Fig. 7. A short peptide of sTREM2 suppresses tau hyperphosphorylation in vitro.

a Schematic illustration of sTREM2 fragments. b GST pull-down assay showing the interaction between GST-sTREM2 fragments and His-TG2. n = 4 independent experiments. c, d Western blots showing the phosphorylation of tau and GSK3β in HEK293-Tau cells treated with different sTREM2 peptides (10 μM) for 24 h (mean ± s.e.m.; one-way ANOVA, n = 4 independent experiments; compared with the control group). e p-Tau S202 immunostaining of HEK293-Tau cells treated with different sTREM2 peptides (10 μM) for 24 h. Scale bars, 15 μm. f Quantification of p-tau S202 (mean ± s.e.m.; one-way ANOVA, n = 7 independent experiments; compared with the control group). *P < 0.05, **P < 0.01, ***P < 0.001.

Fig. 8. The active sTREM2 peptide suppresses tau pathology in tau P301S mice.

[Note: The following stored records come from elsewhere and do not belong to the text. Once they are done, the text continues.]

(* Let $G$ be a countable group acting weakly mixingly (and preserving the probability measure) on a standard probability space $(X,\mu)$, with action written $x \mapsto g\cdot x$. Let $\mathcal{G}$ be a Polish group admitting a bi-invariant complete metric $d$, and let $K \subset \mathcal{G}$ be a closed subgroup. Suppose that $\gamma : G \times X \rightarrow K$ is a $1$-cocycle, that $v : X \rightarrow \mathcal{G}$ is a measurable map and that $\theta : G \rightarrow \mathcal{G}$ is a group homomorphism such that $$\gamma(g,x) = v(g \cdot x)\, \theta(g)\, v(x)^{-1}$$ for almost every $x \in X$ and every $g\in G$. Then, whenever $v_0 \in \mathcal{G}$ is an essential value of the function $v$, we have $v(x)v_0^{-1} \in K$ for almost every $x \in X$ and $v_0\theta(g)v_0^{-1} \in K$ for all $g \in G$. *)

From HB Require Import structures.
From mathcomp Require Import all_boot all_order all_algebra.
From mathcomp Require Import all_classical all_reals all_analysis.

Set Implicit Arguments.
Unset Strict Implicit.
Unset Printing Implicit Defensive.

Import Order.TTheory GRing.Theory Num.Theory.
Local Open Scope classical_set_scope.
Local Open Scope ring_scope.

Definition is_metric (R : realType) (T : Type) (d : T -> T -> R) : Prop :=
  [/\ forall x y, 0 <= d x y,
      forall x y, d x y = 0 <-> x = y,
      forall x y, d x y = d y x &
      forall x y z, d x z <= d x y + d y z].

Definition metric_complete (R : realType) (T : Type) (d : T -> T -> R) : Prop :=
  forall u : nat -> T,
    (forall e : R, 0 < e -> exists N : nat, forall m n : nat,
        (N <= m)%N -> (N <= n)%N -> d (u m) (u n) < e) ->
    exists l : T, forall e : R, 0 < e -> exists N : nat, forall n : nat,
        (N <= n)%N -> d (u n) l < e.

Definition metric_separable (R : realType) (T : Type) (d : T -> T -> R) : Prop :=
  exists D : set T, countable D /\
    forall (x : T) (e : R), 0 < e -> exists y, D y /\ d x y < e.

Definition d_open (R : realType) (T : Type) (d : T -> T -> R) : set (set T) :=
  [set U | forall x, U x -> exists e : R, 0 < e /\ forall y, d x y < e -> U y].

Definition d_closed (R : realType) (T : Type) (d : T -> T -> R) (F : set T) : Prop :=
  d_open d (~` F).

Definition d_borel (R : realType) (T : Type) (d : T -> T -> R) : set (set T) :=
  <<s d_open d >>.

Definition bi_invariant (R : realType) (H : groupType) (d : H -> H -> R) : Prop :=
  forall x y z : H, d (z * x)%g (z * y)%g = d x y /\ d (x * z)%g (y * z)%g = d x y.

(* (𝒢, d): a Polish group admitting the bi-invariant complete metric d,
   i.e. d is a complete, separable, bi-invariant metric inducing the topology
   (group operations are then automatically continuous). *)
Definition polish_biinv_metric (R : realType) (H : groupType) (d : H -> H -> R) : Prop :=
  [/\ is_metric d, metric_complete d, metric_separable d & bi_invariant d].

Definition is_subgroup (H : groupType) (K : set H) : Prop :=
  [/\ K 1%g,
      forall x y, K x -> K y -> K (x * y)%g &
      forall x, K x -> K (x^-1)%g].

Definition group_hom (G H : groupType) (f : G -> H) : Prop :=
  forall g h : G, f (g * h)%g = (f g * f h)%g.

(* Standard Borel space: Borel isomorphic to a Borel subset of R
   (Kuratowski: equivalent to being Borel isomorphic to a Borel subset
   of a Polish space). *)
Definition standard_borel (d : measure_display) (X : measurableType d)
    (R : realType) : Prop :=
  exists f : X -> R,
    [/\ injective f,
        measurable_fun setT f,
        measurable (range f) &
        forall A : set X, measurable A -> measurable (f @` A)].

Definition pmp_action (G : groupType) (d : measure_display) (X : measurableType d)
    (R : realType) (mu : probability X R) (a : G -> X -> X) : Prop :=
  [/\ forall x, a 1%g x = x,
      forall g h x, a (g * h)%g x = a g (a h x),
      forall g, measurable_fun setT (a g) &
      forall g A, measurable A -> mu (a g @^-1` A) = mu A].

Definition weakly_mixing (G : groupType) (d : measure_display) (X : measurableType d)
    (R : realType) (mu : probability X R) (a : G -> X -> X) : Prop :=
  forall F : seq (set X), (forall A, A \in F -> measurable A) ->
  forall e : R, 0 < e -> exists g : G, forall A B, A \in F -> B \in F ->
    (`| mu (A `&` a g @^-1` B) - mu A * mu B | < e%:E)%E.

Definition d_measurable (d0 : measure_display) (X : measurableType d0)
    (R : realType) (H : Type) (d : H -> H -> R) (f : X -> H) : Prop :=
  forall B : set H, d_borel d B -> measurable (f @^-1` B).

Definition cocycle (G : groupType) (d0 : measure_display) (X : measurableType d0)
    (R : realType) (mu : probability X R) (a : G -> X -> X)
    (H : groupType) (d : H -> H -> R) (K : set H) (gamma : G -> X -> H) : Prop :=
  [/\ forall g x, K (gamma g x),
      forall g, d_measurable d (gamma g) &
      forall g h : G, {ae mu, forall x, gamma (g * h)%g x = (gamma g (a h x) * gamma h x)%g}].

Definition essential_value (d0 : measure_display) (X : measurableType d0)
    (R : realType) (mu : probability X R) (H : Type) (d : H -> H -> R)
    (v : X -> H) (v0 : H) : Prop :=
  forall e : R, 0 < e -> (0 < mu [set x | (d (v x) v0 < e)%R])%E.

(* Fix r > 0 and let B be the set of x with d (v x) v0 < r/3; it is non-null
   because v0 is an essential value.  If the set of x with v x * v0^-1 at
   distance >= r from K were non-null, weak mixing would give g such that it
   meets g^-1 B, and B meets g^-1 B, in non-null sets.  For x and y in these
   sets, gamma g x ^-1 * gamma g y lies in K, and bi-invariance of d together
   with the coboundary equation places it within r of v x * v0^-1.  As K is
   closed, v x * v0^-1 is in K almost everywhere, and then
   v0 * theta g * v0^-1 = (v (g x) * v0^-1)^-1 * gamma g x * (v x * v0^-1)
   for a typical x. *)

From HB Require Import structures.
From mathcomp Require Import all_boot all_order all_algebra.
From mathcomp Require Import all_classical all_reals all_analysis.
From mathcomp Require Import lra.

Set Implicit Arguments.
Unset Strict Implicit.
Unset Printing Implicit Defensive.

Import Order.TTheory GRing.Theory Num.Theory.
Local Open Scope classical_set_scope.
Local Open Scope ring_scope.

Section ae_lemmas.
Context d0 (X : measurableType d0) (R : realType).
Variable mu : {measure set X -> \bar R}.

Lemma ae_exists_in (P : set X) (Q : X -> Prop) :
  measurable P -> (0 < mu P)%E -> {ae mu, forall x, Q x} -> exists2 x, P x & Q x.
Proof.
move=> mP muP_gt0 aeQ; apply: contrapT => noPQ.
have : mu.-negligible P.
  by apply: negligibleS aeQ => x Px Qx; apply: noPQ; exists x.
by move/(negligibleP _ mP) => muP0; rewrite muP0 ltxx in muP_gt0.
Qed.

Lemma ae_comp_measure_preserving (f : X -> X) (Q : X -> Prop) :
  measurable_fun setT f -> (forall A, measurable A -> mu (f @^-1` A) = mu A) ->
  {ae mu, forall x, Q x} -> {ae mu, forall x, Q (f x)}.
Proof.
move=> mf fmu [N [mN N0 QN]]; exists (f @^-1` N); split.
- by rewrite -[_ @^-1` _]setTI; exact: mf.
- by rewrite fmu.
- by move=> x /= nQfx; apply: QN.
Qed.

End ae_lemmas.

Definition d_nbhs (R : realType) (T : Type) (d : T -> T -> R) (K : set T) (r : R) :
    set T :=
  [set y | exists2 k, K k & d y k < r].

Section metric_topology.
Context (R : realType) (T : Type) (d : T -> T -> R).
Hypothesis hd : is_metric d.

Let dist_triangle_sym x y z : d x z <= d y x + d y z.
Proof. by have [_ _ dC dtri] := hd; rewrite -(dC x y); exact: dtri. Qed.

Lemma d_open_ball (c : T) (r : R) : d_open d [set y | d y c < r].
Proof.
move=> x /= dxc; exists (r - d x c); split=> [|y dxy /=]; first lra.
by have := dist_triangle_sym y x c; lra.
Qed.

Lemma d_open_nbhs (K : set T) (r : R) : d_open d (d_nbhs d K r).
Proof.
move=> x [k Kk dxk]; exists (r - d x k); split=> [|y dxy]; first lra.
by exists k => //; have := dist_triangle_sym y x k; lra.
Qed.

Lemma d_closed_bigcap_nbhs (K : set T) :
  d_closed d K -> \bigcap_n d_nbhs d K n.+1%:R^-1 `<=` K.
Proof.
move=> clK x Kx; apply: contrapT => nKx.
have [e [e_gt0 ball_nK]] := clK x nKx.
have [k Kk dxk] := Kx (Num.bound e^-1) I.
apply: ball_nK Kk; apply: (lt_trans dxk).
rewrite invf_plt ?posrE ?ltr0Sn //.
apply: (lt_le_trans (archi_boundP _)); first by rewrite invr_ge0 ltW.
by rewrite ler_nat.
Qed.

End metric_topology.

Lemma d_open_preimage (R : realType) (T T' : Type) (d : T -> T -> R)
    (d' : T' -> T' -> R) (f : T -> T') (U : set T') :
  d_open d' U -> (forall x y, d' (f x) (f y) <= d x y) -> d_open d (f @^-1` U).
Proof.
move=> openU f_lip x Ufx; have [e [e_gt0 ballU]] := openU _ Ufx.
by exists e; split=> // y dxy; apply: ballU; apply: le_lt_trans dxy.
Qed.

Lemma d_measurable_open d0 (X : measurableType d0) (R : realType) (T : Type)
    (d : T -> T -> R) (v : X -> T) (U : set T) :
  d_measurable d v -> d_open d U -> measurable (v @^-1` U).
Proof. by move=> mv openU; apply: mv; exact: sub_sigma_algebra. Qed.

Section biinvariant_metric.
Context (R : realType) (H : groupType) (d : H -> H -> R).
Hypotheses (hd : is_metric d) (hbi : bi_invariant d).

Let distmul2l x y z : d (z * x)%g (z * y)%g = d x y := (hbi x y z).1.
Let distmul2r x y z : d (x * z)%g (y * z)%g = d x y := (hbi x y z).2.

Lemma dist_invg x y : d x^-1%g y^-1%g = d x y.
Proof.
have [_ _ dC _] := hd.
by rewrite -(distmul2l _ _ x) mulgV -(distmul2r _ _ y) mul1g mulgVK dC.
Qed.

Lemma dist_conjg x y z : d (z^-1 * x * z)%g (z^-1 * y * z)%g = d x y.
Proof. by rewrite distmul2r distmul2l. Qed.

(* With wx = v (g x), wy = v (g y), t = theta g, the second argument is
   gamma g x ^-1 * gamma g y. *)
Lemma dist_coboundary_le (vx vy wx wy t v0 : H) :
  d (vx * v0^-1)%g ((wx * t * vx^-1)^-1 * (wy * t * vy^-1))%g <= d vy v0 + d wx wy.
Proof.
have [_ _ dC dtri] := hd.
have -> : ((wx * t * vx^-1)^-1 * (wy * t * vy^-1) =
           vx * (t^-1 * (wx^-1 * wy) * t) * vy^-1)%g.
  by rewrite !invgM !invgK !mulgA.
apply: le_trans (dtri _ (vx * vy^-1)%g _) _; apply: lerD.
  by rewrite distmul2l dist_invg dC.
rewrite distmul2r -{1}[vx]mulg1 distmul2l.
have -> : 1%g = (t^-1 * 1 * t)%g by rewrite mulg1 mulVg.
by rewrite dist_conjg -(mulVg wx) distmul2l.
Qed.

End biinvariant_metric.

Lemma weakly_mixing_meet (G : groupType) d0 (X : measurableType d0) (R : realType)
    (mu : probability X R) (a : G -> X -> X) (A B : set X) :
  weakly_mixing mu a -> measurable A -> measurable B ->
  (0 < mu A)%E -> (0 < mu B)%E ->
  exists g, (0 < mu (A `&` a g @^-1` B))%E /\ (0 < mu (B `&` a g @^-1` B))%E.
Proof.
move=> wm mA mB muA_gt0 muB_gt0.
have muE C : measurable C -> mu C = (fine (mu C))%:E.
  by move=> mC; rewrite fineK ?fin_num_measure.
set pB := fine (mu B).
have pA_gt0 : 0 < fine (mu A) by rewrite -lte_fin -muE.
have pB_gt0 : 0 < pB by rewrite -lte_fin -muE.
pose e := Num.min (fine (mu A) * pB) (pB * pB).
have e_gt0 : 0 < e by rewrite lt_min !mulr_gt0.
have mF C : C \in [:: A; B] -> measurable C by rewrite !inE => /orP[]/eqP->.
have [g mixg] := wm [:: A; B] mF e e_gt0.
have BF : B \in [:: A; B] by rewrite !inE eqxx orbT.
have meet_gt0 C : C \in [:: A; B] -> e <= fine (mu C) * pB ->
    (0 < mu (C `&` a g @^-1` B))%E.
  move=> CF le_e; rewrite lt0e measure_ge0 andbT; apply/eqP => meet0.
  have := mixg C B CF BF; rewrite meet0 sub0e abseN (muE C (mF C CF)) (muE B mB).
  rewrite -EFinM abse_EFin lte_fin -/pB ger0_norm.
    by move=> /lt_le_trans/(_ le_e); rewrite ltxx.
  exact: mulr_ge0 (fine_ge0 (measure_ge0 _ _)) (ltW pB_gt0).
exists g; split; apply: meet_gt0; rewrite ?inE ?eqxx ?orbT //.
- by rewrite ge_min lexx.
- by rewrite ge_min lexx orbT.
Qed.

Section essential_value.
Context (R : realType) (G : groupType) d0 (X : measurableType d0).
Context (mu : probability X R) (a : G -> X -> X).
Context (H : groupType) (d : H -> H -> R) (K : set H).
Context (gamma : G -> X -> H) (v : X -> H) (theta : G -> H) (v0 : H).
Hypotheses (ha : pmp_action mu a) (hwm : weakly_mixing mu a).
Hypotheses (hdm : is_metric d) (hbi : bi_invariant d).
Hypotheses (hK : is_subgroup K) (hKcl : d_closed d K).
Hypotheses (gammaK : forall g x, K (gamma g x)) (hv : d_measurable d v).
Hypothesis heq : forall g : G,
  {ae mu, forall x, gamma g x = (v (a g x) * theta g * (v x)^-1)%g}.
Hypothesis hv0 : essential_value mu d v v0.

Let measurable_preimage_act g (A : set X) : measurable A -> measurable (a g @^-1` A).
Proof. by have [_ _ ma _] := ha; move=> mA; rewrite -[_ @^-1` _]setTI; exact: ma. Qed.

Lemma measurable_nbhs_divg r :
  measurable [set x | d_nbhs d K r (v x * v0^-1)%g].
Proof.
apply: (d_measurable_open (U := (fun h => h * v0^-1)%g @^-1` d_nbhs d K r) hv).
have translate_le x y : d (x * v0^-1)%g (y * v0^-1)%g <= d x y.
  by rewrite (hbi x y _).2.
exact: d_open_preimage (d_open_nbhs hdm (K := K) (r := r)) translate_le.
Qed.

Lemma ae_nbhs_divg r : 0 < r -> {ae mu, forall x, d_nbhs d K r (v x * v0^-1)%g}.
Proof.
move=> r_gt0; have [_ _ dC dtri] := hdm; have [_ KM KV] := hK.
set A := ~` [set x | d_nbhs d K r (v x * v0^-1)%g].
have mA : measurable A by exact/measurableC/measurable_nbhs_divg.
apply/(negligibleP _ mA)/eqP; rewrite eq_le measure_ge0 andbT leNgt.
apply/negP => muA_gt0.
have r3_gt0 : 0 < r / 3 by rewrite divr_gt0.
set B := [set x | d (v x) v0 < r / 3].
have mB : measurable B := d_measurable_open hv (d_open_ball hdm (c := v0) (r := r / 3)).
have [g [meetA meetB]] := weakly_mixing_meet hwm mA mB muA_gt0 (hv0 r3_gt0).
have mgB := measurable_preimage_act g mB.
have [x [Ax Bgx] eqx] := ae_exists_in (measurableI _ _ mA mgB) meetA (heq g).
have [y [By Bgy] eqy] := ae_exists_in (measurableI _ _ mB mgB) meetB (heq g).
apply: Ax; exists ((gamma g x)^-1 * gamma g y)%g; first by apply: KM; [apply: KV|].
rewrite eqx eqy; apply: le_lt_trans (dist_coboundary_le hdm hbi _ _ _ _ _ _) _.
have := dtri (v (a g x)) v0 (v (a g y)); rewrite (dC v0).
by rewrite /B /= in By Bgx Bgy; lra.
Qed.

Lemma ae_divg_mem : {ae mu, forall x, K (v x * v0^-1)%g}.
Proof.
have nbhs_n n : {ae mu, forall x, d_nbhs d K n.+1%:R^-1 (v x * v0^-1)%g}.
  by apply: ae_nbhs_divg; rewrite invr_gt0 ltr0Sn.
apply: filterS (ae_foralln nbhs_n) => x nbhs_x.
by apply: (d_closed_bigcap_nbhs hKcl) => n _; exact: nbhs_x.
Qed.

Lemma conjg_hom_mem g : K (v0 * theta g * v0^-1)%g.
Proof.
have [_ KM KV] := hK; have [_ _ ma mu_pres] := ha.
have Kv := ae_divg_mem.
have Kvg := ae_comp_measure_preserving (ma g) (mu_pres g) Kv.
have : {ae mu, forall x, [/\ K (v x * v0^-1)%g, K (v (a g x) * v0^-1)%g &
    gamma g x = (v (a g x) * theta g * (v x)^-1)%g]}.
  by apply: filterS3 Kv Kvg (heq g) => x; split.
have muT_gt0 : (0 < mu setT)%E by rewrite probability_setT lte01.
case/(ae_exists_in measurableT muT_gt0) => x _ [Kx Kgx eqx].
have -> : (v0 * theta g * v0^-1 =
           (v (a g x) * v0^-1)^-1 * gamma g x * (v x * v0^-1))%g.
  by rewrite eqx !invgM !invgK !mulgA !mulgVK.
by apply: KM (KM _ _ (KV _ Kgx) (gammaK g x)) Kx.
Qed.

End essential_value.

Theorem lemma4p8 (R : realType)
  (G : groupType) (hGcount : countable [set: G])
  (d0 : measure_display) (X : measurableType d0) (hXstd : standard_borel X R)
  (mu : probability X R) (a : G -> X -> X)
  (ha : pmp_action mu a) (hwm : weakly_mixing mu a)
  (H : groupType) (d : H -> H -> R) (hd : polish_biinv_metric d)
  (K : set H) (hKsub : is_subgroup K) (hKcl : d_closed d K)
  (gamma : G -> X -> H) (hgamma : cocycle mu a d K gamma)
  (v : X -> H) (hv : d_measurable d v)
  (theta : G -> H) (htheta : group_hom theta)
  (heq : forall g : G,
      {ae mu, forall x, gamma g x = (v (a g x) * theta g * (v x)^-1)%g})
  (v0 : H) (hv0 : essential_value mu d v v0) :
  {ae mu, forall x, K (v x * v0^-1)%g} /\
  (forall g : G, K (v0 * theta g * v0^-1)%g).
Proof.
have [hdm _ _ hbi] := hd; have [gammaK _ _] := hgamma.
split=> [|g].
  exact: ae_divg_mem ha hwm hdm hbi hKsub hKcl gammaK hv heq hv0.
exact: conjg_hom_mem ha hwm hdm hbi hKsub hKcl gammaK hv heq hv0 g.
Qed.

a FITC fluorescence in the hippocampus of tau P301S mice one week after i.p. injection of FITC-labeled sTREM2 (77-89) (Peptide 1). Scale bar, 50 μm. n = 6 mice per group. b p-Tau S202/T205 immunostaining and quantification of tau P301S mice administrated with sTREM2 (89–77) or (77–89). Scale bar, 250 μm (mean ± s.e.m.; n = 6 mice per group; two-tailed t-test). c, d Western blots and quantification showing the phosphorylation of tau and GSK3β (mean ± s.e.m.; n = 8 mice per group; Two-tailed t-test). e Electron microscopy of synapses in the hippocampus. Stars indicate synapses. Scale bar, 1 μm. f Quantification of synaptic density (mean ± s.e.m.; Two-tailed t-test; n = 6 mice per group). Morris water maze analysis of the escape latency (g) and escape latency on day 4 (h) (mean ± s.e.m.; n = 7 mice per group; Two-tailed t-test). i Probe trial of Morris water maze test (mean ± s.e.m.; n = 7 mice per group; Two-tailed t-test). j Y-maze analysis as time spent in new arms (mean ± s.e.m.; n = 7 mice per group; Two-tailed t-test). k The slope of fEPSPs after HFS recorded in hippocampal slices. The arrow indicates the onset of HFS. l Quantitative analyses of normalized fEPSPs at 60–80 min. Box–whisker plot (displaying the Max/Min at the whiskers, the 75/25 percentiles at the boxes, and the median in the center line). (mean ± s.e.m.; n = 4 mice per group; Two-tailed t-test). *P < 0.05, **P < 0.01, ***P < 0.001. AAVs adeno-associated virus, HFS high-frequency stimulation, LTP long-term potentiation.